从全局的搜索结果来看,在BroadcastRadioService中注册的该服务.
LINUX/android/frameworks/base/services/core/java/com/android/server/broadcastradio/BroadcastRadioService.java
@Override
public void onStart() {
publishBinderService(Context.RADIO_SERVICE, mServiceImpl);
}
LINUX/android/frameworks/base/services/core/java/com/android/server/SystemService.java
protected final void publishBinderService(String name, IBinder service,
boolean allowIsolated) {
ServiceManager.addService(name, service, allowIsolated);
}
public static void addService(String name, IBinder service, boolean allowIsolated) {
try {
getIServiceManager().addService(name, service, allowIsolated);
} catch (RemoteException e) {
Log.e(TAG, "error in addService", e);
}
}
LINUX/android/frameworks/base/core/java/android/os/ServiceManager.java
public static void addService(String name, IBinder service, boolean allowIsolated) {
try {
getIServiceManager().addService(name, service, allowIsolated);
} catch (RemoteException e) {
Log.e(TAG, "error in addService", e);
}
}
可以看到这里IServiceManager 将RADIO_SERVICE add进去了,在前面的getService的时候自然可以从IServiceManager中get到。

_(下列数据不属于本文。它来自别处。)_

(* Let $d\in\mathbb{Z}_2^{l+r}$ and let $A\subset\mathbb{Z}_2^{l+r}$ be a subgroup. Then $d(A^\perp)=(A^d)^{\perp_d}$, where $d(A^\perp)=\{d\alpha:\alpha\in A^\perp\}$.
   Context: Products of codewords are componentwise. For $c\in\mathbb{Z}_2^{l+r}$, $|c|=|c|_l-|c|_r$, where $|c|_l,|c|_r$ are the numbers of ones in the first $l$ and last $r$ coordinates. $A^\perp=\{\beta\in\mathbb{Z}_2^{l+r}:|\beta a|\in2\mathbb{Z}\ \forall a\in A\}$. $\mathbb{Z}_2^d=\{\alpha:d\alpha=\alpha\}$, $A^d=A\cap\mathbb{Z}_2^d$, and for a subgroup $H\subset\mathbb{Z}_2^d$, $H^{\perp_d}=\{\alpha\in\mathbb{Z}_2^d:|\alpha h|\in2\mathbb{Z}\ \forall h\in H\}$. *)

From mathcomp Require Import all_boot all_order all_algebra.
Set Implicit Arguments. Unset Strict Implicit. Unset Printing Implicit Defensive.
Import GRing.Theory.
Local Open Scope ring_scope.

Definition vec (l r : nat) := 'rV['F_2]_(l + r).

Definition cmul (l r : nat) (a b : vec l r) : vec l r :=
  \row_i (a 0 i * b 0 i).

Definition wt_l (l r : nat) (c : vec l r) : nat :=
  #|[set i : 'I_(l + r) | (i < l)%N && (c 0 i != 0)]|.
Definition wt_r (l r : nat) (c : vec l r) : nat :=
  #|[set i : 'I_(l + r) | (l <= i)%N && (c 0 i != 0)]|.

Definition sw (l r : nat) (c : vec l r) : int := (wt_l c)%:Z - (wt_r c)%:Z.

Definition evenZ (z : int) : bool := (2 %| z)%Z.

Definition is_subgroup (l r : nat) (A : {set vec l r}) : Prop :=
  (0 \in A) /\ (forall x y, x \in A -> y \in A -> x + y \in A)
  /\ (forall x, x \in A -> - x \in A).

Definition perp (l r : nat) (A : {set vec l r}) : {set vec l r} :=
  [set b | [forall a in A, evenZ (sw (cmul b a))]].

Definition Z2d (l r : nat) (d : vec l r) : {set vec l r} :=
  [set a | cmul d a == a].

Definition restr (l r : nat) (A : {set vec l r}) (d : vec l r) : {set vec l r} :=
  A :&: Z2d d.

Definition perp_d (l r : nat) (d : vec l r) (H : {set vec l r}) : {set vec l r} :=
  [set a in Z2d d | [forall h in H, evenZ (sw (cmul a h))]].

Definition dimage (l r : nat) (d : vec l r) (S : {set vec l r}) : {set vec l r} :=
  [set cmul d a | a in S].

From mathcomp Require Import all_boot all_order all_algebra.
From mathcomp Require Import zify.
Set Implicit Arguments. Unset Strict Implicit.
Import GRing.Theory.
Local Open Scope ring_scope.

(** Over F_2 the parity of the signed weight [|b a|] is the parity of the
    number of ones of [b a], i.e. the dot product [b . a]; so [A^perp] is the
    ordinary orthogonal of [A] and [H^{perp_d}] is [Z_2^d] meet [H^perp].
    Multiplication by [d] is an idempotent self-adjoint map, which gives
    [d(A^perp) ⊆ (A^d)^{perp_d}].  Conversely, subspaces equal their double
    orthogonal: if [h] is orthogonal to [d(A^perp)] then [d h] is orthogonal to
    [A^perp], so [d h ∈ A^d], and any [x = d x] orthogonal to [A^d] satisfies
    [x . h = x . (d h) = 0]; hence [x ∈ d(A^perp)^perp^perp = d(A^perp)]. *)

Section OrthogonalSet.
Variables (F : finFieldType) (n : nat).
Implicit Types (u v : 'rV[F]_n) (S : {set 'rV[F]_n}).

Definition dotmx u v : F := (u *m v^T) 0 0.

Definition orthset S : {set 'rV[F]_n} := [set u | [forall v in S, dotmx u v == 0]].

Definition rowset m (M : 'M[F]_(m, n)) : {set 'rV[F]_n} := [set u | (u <= M)%MS].

Lemma dotmxZDl a u w v : dotmx (a *: u + w) v = a * dotmx u v + dotmx w v.
Proof. by rewrite /dotmx mulmxDl -scalemxAl !mxE. Qed.

Lemma orthset_submod_closed S : submod_closed (orthset S).
Proof.
split.
  by rewrite inE; apply/forall_inP => v _; rewrite /dotmx mul0mx mxE.
move=> a u w; rewrite !inE => /forall_inP Su /forall_inP Sw.
apply/forall_inP => v Sv.
by rewrite dotmxZDl (eqP (Su v Sv)) (eqP (Sw v Sv)) mulr0 addr0.
Qed.

Lemma orthset_rowset m (M : 'M[F]_(m, n)) : orthset (rowset M) = rowset (kermx M^T).
Proof.
apply/setP => u; rewrite !inE sub_kermx; apply/forall_inP/eqP => [uM | uM0 v].
  apply/rowP => j; rewrite [RHS]mxE.
  have /eqP <- : dotmx u (row j M) == 0 by rewrite uM // inE row_sub.
  by rewrite /dotmx !mxE; apply: eq_bigr => k _; rewrite !mxE.
by rewrite inE => /submxP [w ->]; rewrite /dotmx trmx_mul mulmxA uM0 mul0mx mxE.
Qed.

Lemma kermx_kermx_tr m (M : 'M[F]_(m, n)) : (kermx (kermx M^T)^T == M)%MS.
Proof.
have sub_M : (M <= kermx (kermx M^T)^T)%MS.
  by rewrite sub_kermx -[X in X *m _]trmxK -trmx_mul mulmx_ker trmx0.
apply/andP; split=> //; have [_ <-] := mxrank_leqif_sup sub_M.
by rewrite mxrank_ker mxrank_tr mxrank_ker mxrank_tr subKn ?rank_leq_col.
Qed.

Lemma orthset_orthset_rowset m (M : 'M[F]_(m, n)) :
  orthset (orthset (rowset M)) = rowset M.
Proof.
by rewrite !orthset_rowset; apply/setP => u; rewrite !inE (eqmxP (kermx_kermx_tr M)).
Qed.

Lemma rowset_enum S :
  submod_closed S -> rowset (\matrix_(i < #|S|) nth 0 (enum S) i) = S.
Proof.
move=> [S0 Slin]; have nth_S (i : 'I_#|S|) : nth 0 (enum S) i \in S.
  by rewrite -mem_enum mem_nth // -cardE.
apply/setP => u; rewrite inE; apply/idP/idP => [/submxP [w ->] | Su].
  rewrite mulmx_sum_row; apply: (big_ind (fun v => v \in S)) => //.
    by move=> v1 v2 Sv1 Sv2; rewrite -[v1]scale1r Slin.
  by move=> i _; rewrite -[_ *: _]addr0 Slin // rowK.
have idx_lt : (index u (enum S) < #|S|)%N by rewrite cardE index_mem mem_enum.
by have := row_sub (Ordinal idx_lt) (\matrix_(i < #|S|) nth 0 (enum S) i);
  rewrite rowK nth_index ?mem_enum.
Qed.

Lemma orthsetK S : submod_closed S -> orthset (orthset S) = S.
Proof. by move=> Ssub; rewrite -(rowset_enum Ssub) orthset_orthset_rowset. Qed.

End OrthogonalSet.

Lemma F2_eq_nat (x : 'F_2) : x = (x != 0)%:R.
Proof. by case: x => [[|[|k]] //] lt_k2; apply: val_inj. Qed.

Lemma F2_nat_odd (k : nat) : (k%:R : 'F_2) = (odd k)%:R.
Proof. by rewrite -modn2 -[in LHS](@Fp_nat_mod 2). Qed.

Lemma F2_mulxx (x : 'F_2) : x * x = x.
Proof. by rewrite [x]F2_eq_nat; case: (x != 0); rewrite ?mul0r ?mul1r. Qed.

Lemma F2_submod_closed n (S : {set 'rV['F_2]_n}) :
  0 \in S -> {in S &, forall u v, u + v \in S} -> submod_closed S.
Proof.
move=> S0 SD; split=> // a u v Su Sv.
by rewrite [a]F2_eq_nat; case: (a != 0); rewrite ?scale0r ?add0r ?scale1r ?SD.
Qed.

Lemma is_subgroup_submod_closed l r (A : {set vec l r}) :
  is_subgroup A -> submod_closed A.
Proof. by move=> [A0 [AD _]]; apply: F2_submod_closed. Qed.

Lemma sum_F2_odd_support n (c : 'rV['F_2]_n) :
  \sum_i c 0 i = (odd #|[set i | c 0 i != 0]|)%:R.
Proof.
rewrite -F2_nat_odd -sum1_card natr_sum [RHS]big_mkcond /=.
by apply: eq_bigr => i _; rewrite inE [LHS]F2_eq_nat; case: (c 0 i != 0).
Qed.

Lemma wt_l_add_wt_r l r (c : vec l r) :
  (wt_l c + wt_r c)%N = #|[set i | c 0 i != 0]|.
Proof.
rewrite -(cardID [pred i : 'I_(l + r) | (i < l)%N] [set i | c 0 i != 0]).
congr (_ + _)%N; apply: eq_card => i; rewrite !inE /=.
  by rewrite andbC.
by rewrite leqNgt andbC.
Qed.

Lemma evenZ_sw l r (c : vec l r) : evenZ (sw c) = ~~ odd #|[set i | c 0 i != 0]|.
Proof. rewrite /evenZ /sw -wt_l_add_wt_r -dvdn2; apply/idP/idP; lia. Qed.

Lemma evenZ_sw_cmul l r (b a : vec l r) : evenZ (sw (cmul b a)) = (dotmx b a == 0).
Proof.
have -> : dotmx b a = \sum_i cmul b a 0 i.
  by rewrite /dotmx mxE; apply: eq_bigr => i _; rewrite !mxE.
by rewrite evenZ_sw sum_F2_odd_support; case: odd; rewrite ?oner_eq0 ?eqxx.
Qed.

Lemma perpE l r (A : {set vec l r}) : perp A = orthset A.
Proof.
by apply/setP => b; rewrite !inE; apply: eq_forallb => a; rewrite evenZ_sw_cmul.
Qed.

Lemma perp_dE l r (d : vec l r) (H : {set vec l r}) :
  perp_d d H = Z2d d :&: orthset H.
Proof.
apply/setP => b; rewrite !inE; congr (_ && _).
by apply: eq_forallb => h; rewrite evenZ_sw_cmul.
Qed.

Section Mask.
Variables (l r : nat) (d : vec l r).

Lemma cmul_idem a : cmul d (cmul d a) = cmul d a.
Proof. by apply/rowP => i; rewrite !mxE mulrA F2_mulxx. Qed.

Lemma cmul_Z2d a : cmul d a \in Z2d d.
Proof. by rewrite inE cmul_idem. Qed.

Lemma dotmx_cmul a b : dotmx (cmul d a) b = dotmx a (cmul d b).
Proof. by rewrite /dotmx !mxE; apply: eq_bigr => k _; rewrite !mxE mulrCA mulrA. Qed.

Lemma dimage_submod_closed (S : {set vec l r}) :
  submod_closed S -> submod_closed (dimage d S).
Proof.
move=> [S0 Slin]; apply: F2_submod_closed.
  by apply/imsetP; exists 0 => //; apply/rowP => i; rewrite !mxE mulr0.
move=> _ _ /imsetP [a Sa ->] /imsetP [b Sb ->]; apply/imsetP; exists (a + b).
  by rewrite -[a]scale1r Slin.
by apply/rowP => i; rewrite !mxE mulrDr.
Qed.

Lemma dimage_orthset_sub (A : {set vec l r}) :
  dimage d (orthset A) \subset Z2d d :&: orthset (restr A d).
Proof.
apply/subsetP => _ /imsetP [a aA ->]; rewrite inE cmul_Z2d inE.
apply/forall_inP => h; rewrite !inE => /andP [hA /eqP hd].
by rewrite dotmx_cmul hd; move: aA; rewrite inE => /forall_inP ->.
Qed.

Lemma orthset_restr_sub (A : {set vec l r}) :
  submod_closed A -> Z2d d :&: orthset (restr A d) \subset dimage d (orthset A).
Proof.
move=> Asub; set W := dimage d (orthset A).
have Wsub : submod_closed W by apply/dimage_submod_closed/orthset_submod_closed.
apply/subsetP => x; rewrite !inE => /andP [/eqP xd /forall_inP x_orth].
rewrite -(orthsetK Wsub) inE; apply/forall_inP => h.
rewrite inE => /forall_inP h_orth.
have dh_A : cmul d h \in A.
  rewrite -(orthsetK Asub) inE; apply/forall_inP => a aA.
  by rewrite dotmx_cmul h_orth // imset_f.
by rewrite -xd dotmx_cmul x_orth // in_setI dh_A cmul_Z2d.
Qed.

End Mask.

Theorem mainTheorem13 (l r : nat) (d : vec l r) (A : {set vec l r}) :
  is_subgroup A ->
  dimage d (perp A) = perp_d d (restr A d).
Proof.
move=> /is_subgroup_submod_closed Asub.
rewrite perpE perp_dE; apply/eqP; rewrite eqEsubset.
by rewrite dimage_orthset_sub orthset_restr_sub.
Qed.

按理说调查到这里,整个接口都是完整的,我们的服务可以取到并正常运行了,但是事实证明RadioManager中一直取不到Radio的服务,编译未报错,
运行报错。
所以说该服务并没有起来,继而开始调查系统服务的启动过程。
既然是一个服务,要启动,无非是startService或者是bind,这里的系统服务,调用startService的可能性比较大,搜索类名,得到:
LINUX/android/frameworks/base/services/java/com/android/server/SystemServer.java
private void startOtherServices() {
......
if (mPackageManager.hasSystemFeature(PackageManager.FEATURE_BROADCAST_RADIO)) {
traceBeginAndSlog("StartBroadcastRadioService");
mSystemServiceManager.startService(BroadcastRadioService.class);
traceEnd();
}
......
}
而startOtherServices()的调用在SystemServer的run()方法中:
public static void main(String[] args) {
new SystemServer().run();
}
private void run() {
......
startOtherServices()
......
}
而具体SystemServer的启动时机,我没有找到,网上搜索来看,是由一个rc文件拉起来的。
[https://blog.csdn.net/user11223344abc/article/details/80625185]
Android系统是基于Linux内核的,而在Linux系统中,所有的进程都是init进程的子孙进程,也就是说,
所有的进程都是直接或者间接地由init进程fork出来的。Zygote进程也不例外,它是在系统启动的过程,由init进程创建的。
在系统启动脚本system/core/rootdir/init.rc文件中。—上帝init.rc
系统启动时init进程会创建Zygote进程(准确的说是通过app_main.cpp启动的Zygote进程),
Zygote进程负责后续Android应用程序框架层的其它进程的创建和启动工作。—android大boss,孵化进程
Zygote进程会首先创建一个SystemServer进程,SystemServer进程负责启动系统的关键服务,如AMS,PMS等。—android大boss首席小弟
后续会在开机启动优化的文档中详细跟踪流程。
也就是说开机启动SystemServer进程,从而把framewrok的系统服务拉起来,这里既然没起来,必然是判断没有走过,那这个判断又是个什么东西。。。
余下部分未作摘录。